A Case for Less Lethal Force: When a firearm is overkill

A Case for Less Lethal Force:

When a firearm is overkill

Sheri McLatchy drew a gun on a customer of The Clothes Basket laundromat in Holly Springs, Mississippi. McLatchey worked there as an attendant, and moments earlier, she had been in a fight with an angry patron who had attacked her and dragged her to the ground in a nail-scratching, hair-pulling melee — all of it captured on video. Apparently, the patron became enraged when McLatchy admonished another customer for overloading the machines. We first told you about this case last summer.

McLatchy escaped the fight, called 911, and retrieved a pistol from her car. When the patron re-engaged in the parking lot, McLatchy raised her pistol against the unarmed attacker. Wisely, the attacker walked away and left the premises. McLatchy didn’t have to fire a single shot. A security camera captured the second encounter as well.

Thanks, in large part, to the surveillance video, police quickly recognized that McClatchy had been attacked and that she was defending herself when she pulled her firearm. No charges were filed. It was the best possible outcome for McLatchy in a situation where things could have easily gone terribly wrong.

Had the angry patron pressed the attack, McLatchy may have fired, and law enforcement would have scrutinized her decision to use disproportionate force on an unarmed attacker. She could have faced murder or manslaughter charges.

Don West, criminal defense attorney and National Trial Counsel for CCW Safe, notes that, without the surveillance video, the angry patron could have claimed that McLatchey drew her pistol unprovoked, and in the eyes of the police, the story might have changed from self-defense to “That crazy lady pointed a gun at me.” In that case, McLatchey could have faced felony assault charges for brandishing a deadly weapon.

The lesson we drew from this case was that McLatchy took a big legal risk when she used her firearm to defend against an unarmed assailant. Don West says, “This is a good example of where, had there been some other kind of non-lethal weapon available, some sort of intermediate option, she clearly had the right to do that.”

Weapons instructor and CCW Safe contributor Steve Moses agrees, although he prefers the term “less lethal” to “non-lethal.” Steve reminds us that virtually all use of force, under certain circumstances, can result in death. It underscores the fact that, just because the attacker in McLatchy’s case wasn’t armed, it doesn’t mean she was incapable of causing great bodily harm or death. “Fists can be very, very dangerous,” Steve says.

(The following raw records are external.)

(* A pair of matrices $(G,H)\in W_n$ belongs to $\Psi(\mathbb{S}^n)$ if and only if $G$ is positive definite. A butterfly in $\mathbb{S}^n$ is determined by a pair $(G,H)\in\Psi(\mathbb{S}^n)$ uniquely up to isometry, and up to replacing some of its vertices with their antipodes.
   Context: $\mathbb{S}^n$ is the unit sphere in $\mathbb{E}^{n+1}$; tangent vectors are regarded as vectors of $\mathbb{E}^{n+1}$. $W_n$ is the space of pairs $(G,H)$ of real $n\times n$ matrices with $G$ symmetric and $g_{pp}=h_{pp}=1$ for all $p$. A butterfly in $\mathbb{S}^n$ consists of non-degenerate $(n-1)$-simplices $\Delta=[\mathbf{a}_1\dots\mathbf{a}_n]$ and $\Delta_p$ (spanned by $\mathbf{b}_p$ and $\mathbf{a}_q$, $q\ne p$), $p=1,\dots,n$, where $\Delta_p$ is attached to $\Delta$ along the face $F_p$ of $\Delta$ opposite $\mathbf{a}_p$. Let $\mathbf{m}$ be a unit normal to $\Delta$, $\mathbf{n}_p$ the unit tangent vector to $\Delta$ orthogonal to $F_p$ pointing into $\Delta$, $\alpha_p$ the sine of the length of the altitude of $\Delta$ from $\mathbf{a}_p$, $\beta_p$ the sine of the length of the altitude of $\Delta_p$ from $\mathbf{b}_p$, and $\mathbf{b}_p^0$ the position of $\mathbf{b}_p$ after rotating $\Delta_p$ about $F_p$ into the great sphere of $\Delta$ on the same side of $F_p$ as $\mathbf{a}_p$. The pair $(G,H)$ of the butterfly: $G$ is the Gram matrix of $\mathbf{n}_1,\dots,\mathbf{n}_n$ and $h_{pq}=\beta_p^{-1}(\mathbf{b}_p^0,\mathbf{n}_q)$. Elementary reversions act on $(G,H)$ as follows: the $a_p$-reversion (formally $\alpha_p\mapsto-\alpha_p$, $\mathbf{n}_p\mapsto-\mathbf{n}_p$, $\mathbf{m}\mapsto-\mathbf{m}$) replaces, for all $q\ne p$, $g_{pq}=g_{qp}$ by $-g_{pq}$, $h_{pq}$ by $h_{pq}-2g_{pq}$, $h_{qp}$ by $-h_{qp}$; the $b_p$-reversion (formally $\beta_p\mapsto-\beta_p$) replaces $h_{pq}$ by $2g_{pq}-h_{pq}$ for all $q\ne p$; all other entries are unchanged. $\Psi(\mathbb{S}^n)\subset W_n$ is the set of all pairs obtained by compositions of elementary reversions from pairs of butterflies in $\mathbb{S}^n$. *)

From mathcomp Require Import all_boot all_order all_algebra reals.
Set Implicit Arguments. Unset Strict Implicit. Unset Printing Implicit Defensive.
Import Order.TTheory GRing.Theory Num.Theory.
Local Open Scope ring_scope.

McLatchy absolutely had the right to defend herself, and Steve says, “There’s a lot of good reasons that having something other than a handgun would have been good.” That “something other” could have been pepper spray, or OC. Steve’s a strong proponent of pepper spray, and in his CCW Safe article “Filling the Gap Between Too Little and Too Much Force,” he recommends concealed carriers should also consider carrying OC for responding to low-level force incidents.

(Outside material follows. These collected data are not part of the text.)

Lemma csA_succ n : legalA (cs n) -> nonterminal G (repA (cs n)) ->
  cs n.+1 = cutA (rcons (cs n) (a n)).
Proof.
move=> leg nt; rewrite /cs /= val_insub_bseq //.
by apply: leq_trans (size_cut _ _ _ _) _; rewrite size_rcons boundD.
Qed.

Lemma csA_inv n :
  [/\ legalA (cs n), nonterminal G (repA (cs n)) & supp G (lastf (repA (cs n))) = o n].
Proof.
elim: n => [|n [leg nt supp_n]].
  case: play => o0 _; rewrite /cs /= /lastf /gf /= supp_fI o0.
  by split=> //; apply: ginit_nonterm.
have [leg' nt' supp' _] := legalA_cut rho_forces (a n) leg nt.
by rewrite csA_succ // supp' consistent (outA_rho _ leg nt supp_n).
Qed.

Definition reset n : bool := (size (cs n.+1) <= size (cs n))%N.

Lemma csA_grow n : ~~ reset n -> size (cs n.+1) = (size (cs n)).+1.
Proof.
have [leg nt _] := csA_inv n; rewrite /reset csA_succ //.
by have [_ _ _ [->|[-> //]]] := legalA_cut rho_forces (a n) leg nt; rewrite size_rcons.
Qed.

(* Between two resets the memory grows, and it never reaches length [D]. *)
Lemma steps_le_resets n : (n <= size (cs n) + D * \sum_(k < n) reset k)%N.
Proof.
elim: n => [//|n IHn]; rewrite big_ord_recr /=.
have [leg nt _] := csA_inv n; have lt_D := boundD leg nt.
set R := \sum_(i < n) _ in IHn *.
case: (boolP (reset n)) => [_|/csA_grow ->] /=; first by rewrite mulnDr muln1; lia.
by rewrite addn0 addSn ltnS.
Qed.

Lemma reset_often N : exists n, (N <= n)%N /\ reset n.
Proof.
apply: NNPP => no_reset.
have grow j : size (cs (N + j)) = (size (cs N) + j)%N.
  elim: j => [|j IHj]; first by rewrite !addn0.
  rewrite addnS csA_grow ?IHj ?addnS //; apply/negP => resetj.
  by apply: no_reset; exists (N + j)%N; rewrite leq_addr.
have [leg nt _] := csA_inv (N + D); have := boundD leg nt; rewrite grow; lia.
Qed.

Lemma csA_val_step n q z : lastf (repA (cs n.+1)) q = EFin z ->
  exists2 z1, rho (repA (cs n)) (a n) q = EFin z1 & (z1 + reset n <= z)%R.
Proof.
have [leg nt _] := csA_inv n; rewrite /reset csA_succ //.
have [_ _ _ [->|[le_size [supp_eq prec] _]]] := legalA_cut rho_forces (a n) leg nt.
  rewrite rep_rcons lastf_gextend size_rcons ltnn => rho_q.
  by exists z; rewrite ?addr0.
move=> val_q; have q_supp : q \in supp G (rho (repA (cs n)) (a n)).
  by rewrite supp_eq inE val_q.
have := prec q q_supp; rewrite val_q le_size.
by case: (rho _ _ q) => //= z1 le_z1; exists z1.
Qed.

Lemma csA_val_back n q z : lastf (repA (cs n.+1)) q = EFin z ->
  exists q' z', [/\ Delta G q' (a n) q, lastf (repA (cs n)) q' = EFin z' &
    (z' + (wt G q' (a n) q + (reset n)%:R) <= z)%R].
Proof.
move=> val_q; have [z1 rho_q le_z1] := csA_val_step val_q.
have [leg nt _] := csA_inv n.
have [q' [_ dq' val_q']] := successor_back (rho_successor rho_forces (a n) leg nt) rho_q.
exists q', (z1 - wt G q' (a n) q)%R; split=> //.
by rewrite addrA subrK natz.
Qed.

Lemma reset_val n : reset n -> exists q z, lastf (repA (cs n.+1)) q = EFin z.
Proof.
have [leg nt _] := csA_inv n; rewrite /reset csA_succ //.
have [_ _ _ [->|[_ _ [q [qf qfin]]]]] := legalA_cut rho_forces (a n) leg nt.
  by rewrite size_rcons ltnn.
move=> _; exists q; move: qf qfin; rewrite inE.
by case: (lastf _ q) => // z _ _; exists z.
Qed.

Lemma adam_play_wins : ~ eve_wins_play G o a.
Proof.
move=> eve_wins.
have val0 q z : lastf (repA (cs 0)) q = EFin z -> (0 <= z)%R.
  by rewrite /cs /= /lastf /gf /= /fI; case: eqP => // _ [<-].
have often N : exists n q z, (N <= n)%N /\ lastf (repA (cs n)) q = EFin z.
  have [n [le_N /reset_val [q [z val_q]]]] := reset_often N.
  by exists n.+1, q, z; split=> //; apply: leqW.
have [c path_c] := konig_valued_path (value := fun n => lastf (repA (cs n)))
  (edge := fun n q' q => Delta G q' (a n) q) val0 csA_val_back often.
have conc : concretization G o a c.
  move=> n; have [dc [z val_c _]] := path_c n; split=> //.
  by have [_ _ <-] := csA_inv n; rewrite inE val_c.
apply: (mp_neg_of_linear_decrease (u := fun i => wt G (c i) (a i) (c i.+1))
  (D := D) (K := D * (ext_bound valA).+1)).
- by have [leg nt _] := csA_inv 0; apply: leq_ltn_trans (boundD leg nt).
- move=> n; have [_ [z val_c le_z]] := path_c n.
  have le_C := ext_boundP (val_c : valA (mem n) (c n) = EFin z).
  rewrite big_split /= -natr_sum natz in le_z.
  have le_zC : (z <= (ext_bound valA)%:Z)%R by move: le_C; lia.
  have := ler_wpM2l (ler0n _ D) (le_trans le_z le_zC); rewrite mulrDr natz.
  have [leg nt _] := csA_inv n; have := boundD leg nt; have := steps_le_resets n.
  move: (\sum_(k < n) reset k) (\sum_(i < n) wt G (c i) (a i) (c i.+1))%R => R S; lia.
- exact: eve_wins conc.
Qed.

End AdamPlay.

Lemma adam_fm_win : adam_fm_winning G.
Proof.
exists memTA, [bseq], updA, outA; split; last exact: adam_play_wins.
by move=> o a n [_ [obs_o _]] _ s; apply/outA_valid/obs_o.
Qed.

End AdamStrategy.

Theorem theorem4 (G : mpg) :
  wf_mpg G -> forcibly_terminating G ->
  eve_fm_winning G \/ adam_fm_winning G.
Proof.
move=> wfG [[tau tau_forces]|[rho rho_forces]].
  left; have [D boundD] := legalE_bounded tau_forces.
  exact (eve_fm_win wfG tau_forces boundD).
right; have [D boundD] := legalA_bounded rho_forces.
exact (adam_fm_win wfG rho_forces boundD).
Qed.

Don West says that the legal liability of using OC spray is much lower than that of even displaying a firearm. “If you can safely use OC in virtually any situation where there’s a significant issue of the level of threat, it’s a better choice than going to the gun.”

“In the court system, you don’t bring a gun to a fistfight,” Don says. “Before you bring a gun into a confrontation with someone who’s unarmed, you better be able to say why you really believe that if you didn’t, you were going to be seriously hurt or killed. Not only do you have to be able to articulate it, the prosecutor and ultimately the jury has to accept it. That’s a high-risk legal maneuver.”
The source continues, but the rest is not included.